UnifiedNVVMIR Mode (mode == 1) -- Exact Match
Eight triples are accepted:
| Triple | Arch | API |
|---|---|---|
nvptx-nvidia-cuda | 32-bit PTX | CUDA |
nvptx64-nvidia-cuda | 64-bit PTX | CUDA |
nvptx-nvidia-nvcl | 32-bit PTX | OpenCL |
nvptx64-nvidia-nvcl | 64-bit PTX | OpenCL |
nvsass-nvidia-cuda | SASS direct | CUDA |
nvsass-nvidia-nvcl | SASS direct | OpenCL |
nvsass-nvidia-directx | SASS direct | DirectX |
nvsass-nvidia-spirv | SASS direct | SPIR-V |
The nvsass triples confirm that CICC can compile directly to native GPU assembly (SASS) without the PTX intermediate step, and can do so for DirectX shader and SPIR-V/Vulkan shader pipelines. This reveals CICC's role in NVIDIA's shader compiler toolchain beyond CUDA.
Failure message: "Invalid target triple".
Standard Mode (mode != 1) -- Prefix + Suffix Match
The triple must begin with "nvptx-" or "nvptx64-" and end with "-cuda". The middle component is wildcarded.
Failure message: "Invalid target triple (<actual>), must be one of:" followed by "nvptx-*-cuda" and "nvptx64-*-cuda".
Data Layout Validation
If the module's data layout string is empty: "Empty target data layout, must exist".

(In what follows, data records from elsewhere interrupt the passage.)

Lemma yosida_quotient_ge_half_sqr {tau sg f x} : 0 < tau -> 0 <= sg -> f x \is a fin_num ->
  (forall r, 0 < r <= tau -> exists v, yosida_argmin r f x v) ->
  (forall r v, 0 < r <= tau -> yosida_argmin r f x v -> sg * r <= d v x) ->
  sg ^+ 2 / 2 <= yosida_quotient tau f x.
Proof.
move=> tau0 sg0 fx argmin_ex far.
have Y_fin r : 0 < r <= tau -> yosida d r f x \is a fin_num.
  by move=> /argmin_ex [v /yosida_argmin_fin_num].
apply: (@ge_of_self_improving _ (fun r => yosida_quotient r f x) _ tau)
  => [r r_tau | r lam r_tau lam01 |]; last by rewrite tau0 lexx.
  by apply: yosida_quotient_ge0 fx (Y_fin _ r_tau); case/andP: r_tau.
have [r0 r_le] := andP r_tau; have [lam0 lam1] := andP lam01.
have lr_tau : 0 < lam * r <= tau.
  by rewrite mulr_gt0 //=; apply: le_trans r_le; rewrite ler_piMl ?ltW.
have [v vmin] := argmin_ex _ lr_tau.
exact: yosida_quotient_step r0 lam01 sg0 (Y_fin _ r_tau) vmin (far _ _ lr_tau vmin).
Qed.

End MoreauYosida.

Arguments yosida_argmin {R S} d r f x v.
Arguments yosida_quotient {R S} d r f x.

Section ArgminDistance.
Context {R : realType} {S : topologicalType} {d : S -> S -> R}.
Context {phi : S -> \bar R} {phie : R -> S -> \bar R} {eps : R -> R} {u : S} {ut : R -> S}.
Hypotheses (d_metric : is_metric d) (d_sigma : sigma_compatible d).
Hypothesis phie_range : forall e, 0 < e -> forall v, phie e v != -oo%E.
Hypothesis slope_lsc : forall (epsn : nat -> R) (un : nat -> S) (w : S),
  (forall n, 0 < epsn n) -> epsn @ \oo --> (0 : R) -> un @ \oo --> w ->
  (slope d phi w <= limn_einf (fun n => slope d (phie (epsn n)) (un n)))%E.
Hypotheses (eps_gt0 : forall tau, 0 < tau -> 0 < eps tau) (eps_0 : eps @ 0^'+ --> (0 : R)).
Hypothesis ut_u : ut @ 0^'+ --> u.

Lemma slope_le_of_close_argmins {sg : R} {ts rs : R^nat} {vs : S^nat} :
  0 <= sg -> (forall n, 0 < ts n) -> ts @ \oo --> (0 : R) -> (forall n, 0 < rs n <= ts n) ->
  (forall n, yosida_argmin d (rs n) (phie (eps (ts n))) (ut (ts n)) (vs n)) ->
  (forall n, d (vs n) (ut (ts n)) <= sg * rs n) -> (slope d phi u <= sg%:E)%E.
Proof.
move=> sg0 ts_gt0 ts_0 rs_ts vs_min vs_close.
case: d_metric => d_ge0 _ d_sym _.
have ts_0r := cvg_at_right_seq ts_gt0 ts_0.
have eps_ts : (eps \o ts) @ \oo --> (0 : R) := cvg_comp _ _ ts_0r eps_0.
have ut_ts : (ut \o ts) @ \oo --> u := cvg_comp _ _ ts_0r ut_u.
have dist_0 : (fun n => d ((ut \o ts) n) (vs n)) @ \oo --> (0 : R).
  apply: (squeeze_cvgr _ (cvg_cst 0)); last by rewrite -(mulr0 sg); apply: cvgMr ts_0.
  apply: nearW => n /=; rewrite d_ge0 d_sym /=; apply: le_trans (vs_close n) _.
  by case/andP: (rs_ts n) => _; exact: ler_wpM2l.
have vs_u : vs @ \oo --> u := d_sigma.2 _ _ _ dist_0 ut_ts.
apply: le_trans (slope_lsc _ _ _ (fun n => eps_gt0 _ (ts_gt0 n)) eps_ts vs_u) _.
apply: limn_einf_le_ub => n; case/andP: (rs_ts n) => rs_gt0 _.
have phie_n := phie_range _ (eps_gt0 _ (ts_gt0 n)).
apply: le_trans (slope_argmin_le d_metric rs_gt0 phie_n (vs_min n)) _.
by rewrite lee_fin ler_pdivrMr.
Qed.
Lemma perm_nth_remove_at F i :
  (i < size F)%N -> perm_eq F (nth 0%N F i :: remove_at i F).
Proof.
move=> iF; rewrite -[X in perm_eq X](cat_take_drop i) (drop_nth 0%N iF).
by rewrite (perm_catCA _ [:: _]).
Qed.

Lemma children_lt z h : h \in children z -> (h < size z)%N.
Proof. by case/flattenP => s /mapP[j]; rewrite mem_iota => /andP[_ jz] -> /nseqP[->]. Qed.

Section Model.
Variables (R : realType) (T : nat) (D : nat -> R) (pT beta : R).
Hypothesis D_ge0 : forall n, (0 <= D n)%R.
Hypothesis D_sum1 : (\esum_(n in [set: nat]) (D n)%:E = 1)%E.
Hypothesis pT_ge0 : 0 <= pT.
Hypothesis pT_le1 : pT <= 1.
Hypothesis beta_ge0 : 0 <= beta.

Local Notation p := (pinf T pT beta).
Local Notation cexp := (cexpect D).

Definition benefit (h t : nat) : R := expR (- (beta * (h + t)%:R)).

Lemma pinf_benefit h t : p h * benefit h t = pT * expR (- (beta * (T + t)%:R)).
Proof. by rewrite /pinf /benefit -mulrA -expRD !natrD; congr (_ * expR _); ring. Qed.

Lemma pinf_ge0 h : 0 <= p h.
Proof. by rewrite mulr_ge0 ?expR_ge0. Qed.

Lemma pinf_le1 h : (h <= T)%N -> p h <= 1.
Proof.
move=> hT; rewrite -[1]mulr1 ler_pM ?expR_ge0 // expR_le1 oppr_le0.
by rewrite mulr_ge0 // subr_ge0 ler_nat.
Qed.

Definition admissible (F : seq nat) : bool := all (fun h => h <= T)%N F.

Lemma admissible_nth F i : admissible F -> (nth 0%N F i <= T)%N.
Proof.
by move=> /allP FT; case: (ltnP i (size F)) => iF; [apply/FT/mem_nth|rewrite nth_default].
Qed.

Lemma admissible_remove_at i F : admissible F -> admissible (remove_at i F).
Proof.
by move=> /allP FT; apply/allP => x; rewrite mem_cat => /orP[/mem_take|/mem_drop] /FT.
Qed.

Lemma admissible_children h z : (h <= T)%N -> counts h z -> admissible (children z).
Proof. by move=> hT zh; apply/allP => x /children_lt; rewrite zh => /ltnW/leq_trans; apply. Qed.

Lemma admissible_cat_children S h z :
  admissible S -> (h <= T)%N -> counts h z -> admissible (S ++ children z).
Proof.
move=> ST hT zh; rewrite /admissible all_cat; apply/andP; split=> //.
exact: admissible_children hT zh.
Qed.

Local Open Scope ereal_scope.

(* A continuation [V] maps the current step [t] and frontier [F] to the expected
   benefit collected from step [t] on. *)
Definition query (V : nat -> seq nat -> \bar R) (t h : nat) (S : seq nat) : \bar R :=
  (1 - p h)%:E * V t.+1 S +
  (p h)%:E * ((benefit h t)%:E + cexp h (fun z => V t.+1 (S ++ children z))).

Definition query_at V t F i : \bar R := query V t (nth 0%N F i) (remove_at i F).

Fixpoint Vfirst (n t : nat) (F : seq nat) : \bar R :=
  match n, F with
  | n'.+1, h :: F' => query (Vfirst n') t h F'
  | _, _ => 0
  end.

Definition nonneg_value (V : nat -> seq nat -> \bar R) :=
  forall t F, admissible F -> 0 <= V t F.

Definition perm_invariant (V : nat -> seq nat -> \bar R) :=
  forall t F G, admissible F -> perm_eq F G -> V t F = V t G.

Lemma query_ge0 V t h S :
  nonneg_value V -> (h <= T)%N -> admissible S -> 0 <= query V t h S.
Proof.
move=> V0 hT ST; rewrite adde_ge0 ?mule_ge0 ?adde_ge0 ?lee_fin ?subr_ge0 ?pinf_le1
  ?pinf_ge0 ?expR_ge0 ?V0 //.
by apply: (cexpect_ge0 D_ge0) => z zh; apply/V0/(admissible_cat_children ST hT zh).
Qed.

Lemma Vfirst_ge0 n : nonneg_value (Vfirst n).
Proof.
by elim: n => [|n IH] t [|h S] //= /andP[hT ST]; apply: query_ge0.
Qed.

Lemma eq_query V V' t h S S' : V t.+1 S = V' t.+1 S' ->
  (forall z, counts h z -> V t.+1 (S ++ children z) = V' t.+1 (S' ++ children z)) ->
  query V t h S = query V' t h S'.
Proof. by rewrite /query => -> /eq_cexpect ->. Qed.

Lemma query_perm V t h S S' : perm_invariant V ->
  (h <= T)%N -> admissible S -> perm_eq S S' -> query V t h S = query V t h S'.
Proof.
move=> Vperm hT ST SS'; apply: eq_query => [|z zh]; first exact: Vperm.
by apply: Vperm; [exact: admissible_cat_children ST hT zh|rewrite perm_cat2r].
Qed.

Otherwise, sub_2C74F70 parses and validates the layout. On failure, the verifier prints "Example valid data layout:" with reference strings from:
| Global | Description |
|---|---|
off_4C5D0A0 | 32-bit layout example |
off_4C5D0A8 | 64-bit layout example |
off_4C5D070 | 64-bit with mixed pointer widths (p3:32:32:32) |
Per-Instruction Validation (Module Verifier)

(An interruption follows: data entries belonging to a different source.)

(* For every $\varepsilon\in(0,1)$ and $\beta\in(0,\varepsilon/400)$ there exists $k_0$ such that for all $k\ge k_0$ and all real $a\ge 1/2$ the following holds. Let $G$ be a graph with $\delta(G)\ge (a+\varepsilon)k$ and $|G|\le 100k$. Then there exists a subgraph $H$ of $G$, obtained by deleting at most $200\beta|G|$ vertices, such that $\delta(H)\ge (a+\varepsilon-400\beta)k$ and each connected component of $H$ is $(\beta^2/20000)$-cut-dense.
   Context: Graphs are finite and simple; $|G|$ is the number of vertices and $\delta(G)$ the minimum degree. For $\rho\ge 0$, a graph $G$ is $\rho$-cut-dense if there is no partition of $V(G)$ into two sets $A,B$ with $e(A,B)<\rho|A||B|$, where $e(A,B)$ is the number of edges with one endpoint in $A$ and the other in $B$. *)

From mathcomp Require Import all_boot all_order all_algebra.
Set Implicit Arguments. Unset Strict Implicit. Unset Printing Implicit Defensive.
Import Order.TTheory GRing.Theory Num.Theory.
Local Open Scope ring_scope.

Definition simple_graph (T : finType) (e : rel T) : Prop :=
  symmetric e /\ irreflexive e.

Definition deg (T : finType) (e : rel T) (x : T) : nat := #|[set y | e x y]|.

(* e(A,B): number of edges with one endpoint in A and the other in B
   (A, B disjoint in all uses), counted as ordered pairs (a,b), a in A, b in B. *)
Definition e_between (T : finType) (e : rel T) (A B : {set T}) : nat :=
  #|[set p : T * T | (p.1 \in A) && (p.2 \in B) && e p.1 p.2]|.

Definition cut_dense (R : realFieldType) (rho : R) (T : finType) (e : rel T)
    (C : {set T}) : Prop :=
  forall A : {set T}, A \subset C ->
    rho * (#|A|%:R) * (#|C :\: A|%:R) <= (e_between e A (C :\: A))%:R.

Definition subgraph_of (T : finType) (e : rel T) (S : {set T}) (f : rel T) : Prop :=
  symmetric f /\
  (forall x y, f x y -> e x y) /\
  (forall x y, f x y -> (x \in S) && (y \in S)).

Definition component (T : finType) (S : {set T}) (f : rel T) (x : T) : {set T} :=
  [set y in S | connect f x y].

(* Among pairs (S, F) of a vertex set S and a symmetric set F of edges of G
   inside S, with at most beta k vertices deleted, minimise the potential
     (edges leaving S) + (edges of G[S] not in F)
       - rho (ordered pairs of S not joined in F) - c |V \ S|,
   where rho = beta^2/20000 and c = (a + eps) k - 200 beta k.  Deleting a
   vertex x changes the potential by at most deg_F x + 2 rho |G| - c, and
   removing the F-edges between A and C \ A inside a component C changes it by
   at most 2 e(A, C \ A) - 2 rho |A| |C \ A|; minimality thus gives the degree
   bound and cut-density.  Comparing with (V, E(G)), the minimum is <= 0, while
   each deleted vertex loses at least (a + eps) k - beta k edges; hence
   at most beta |G| / 39800 vertices are deleted, so the deletion budget is never
   exhausted and the degree argument applies. *)

From mathcomp Require Import all_boot all_order all_algebra.
From mathcomp Require Import reals.
From mathcomp Require Import ring lra zify.
Import Order.TTheory GRing.Theory Num.Theory.
Set Implicit Arguments. Unset Strict Implicit. Unset Printing Implicit Defensive.
Local Open Scope ring_scope.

After calling sub_2C771D0 for function-level checks, the module verifier iterates every instruction in every basic block and dispatches on the LLVM IR opcode. The opcode range is 0x1E through 0x60:
| Opcode | IR Instruction | Validation |
|---|---|---|
| 0x1F | call (non-intrinsic) | Calls sub_2C795F0. Checks for "pragma" metadata; rejects "unroll" pragma with: "pragma unroll is not supported. Please use llvm.loop.unroll.count instead". Validates branch pragma operand count. |
| 0x21 | indirectbr | Rejected via sub_2C76F10(ctx, "indirectbr", instr) |
| 0x22 | invoke | Rejected via sub_2C76F10(ctx, "invoke", instr) |
| 0x23 | resume | Rejected via sub_2C76F10(ctx, "resume", instr) |
| 0x3C | alloca | Alignment must be <= 2^23. Address space must be Generic (AS 0): "Allocas are not supported on address spaces except Generic" |
| 0x3D | load | Rejects atomic loads: "Atomic loads/stores are not supported". Rejects tensor memory (AS 6): "Tensor Memory loads/stores are not supported" |
| 0x3E | store | Same atomic and tensor memory checks as load |
| 0x40 | fence | In UnifiedNVVMIR mode: only acq_rel and seq_cst allowed. Otherwise: rejected entirely via sub_2C76F10 |
| 0x41 | cmpxchg | Only i32/i64/i128 types. Pointer must be in generic, global, or shared AS |
| 0x42 | (GEP/addrspacecast helper) | Calls sub_2C7AF00 |
| 0x4F | addrspacecast | Validates source and target AS are in range. "Cannot cast non-generic pointer to different non-generic pointer" -- at least one side must be AS 0 (generic) |
| 0x55 | call (intrinsic) | Dispatches to sub_2C7B6A0 (NVVMIntrinsicVerifier) |
| 0x5F | landingpad | Rejected: "landingpad" unsupported |
The unsupported instructions -- indirectbr, invoke, resume, landingpad -- are CPU exception-handling features with no GPU equivalent. Their rejection at the IR level prevents downstream passes from encountering them.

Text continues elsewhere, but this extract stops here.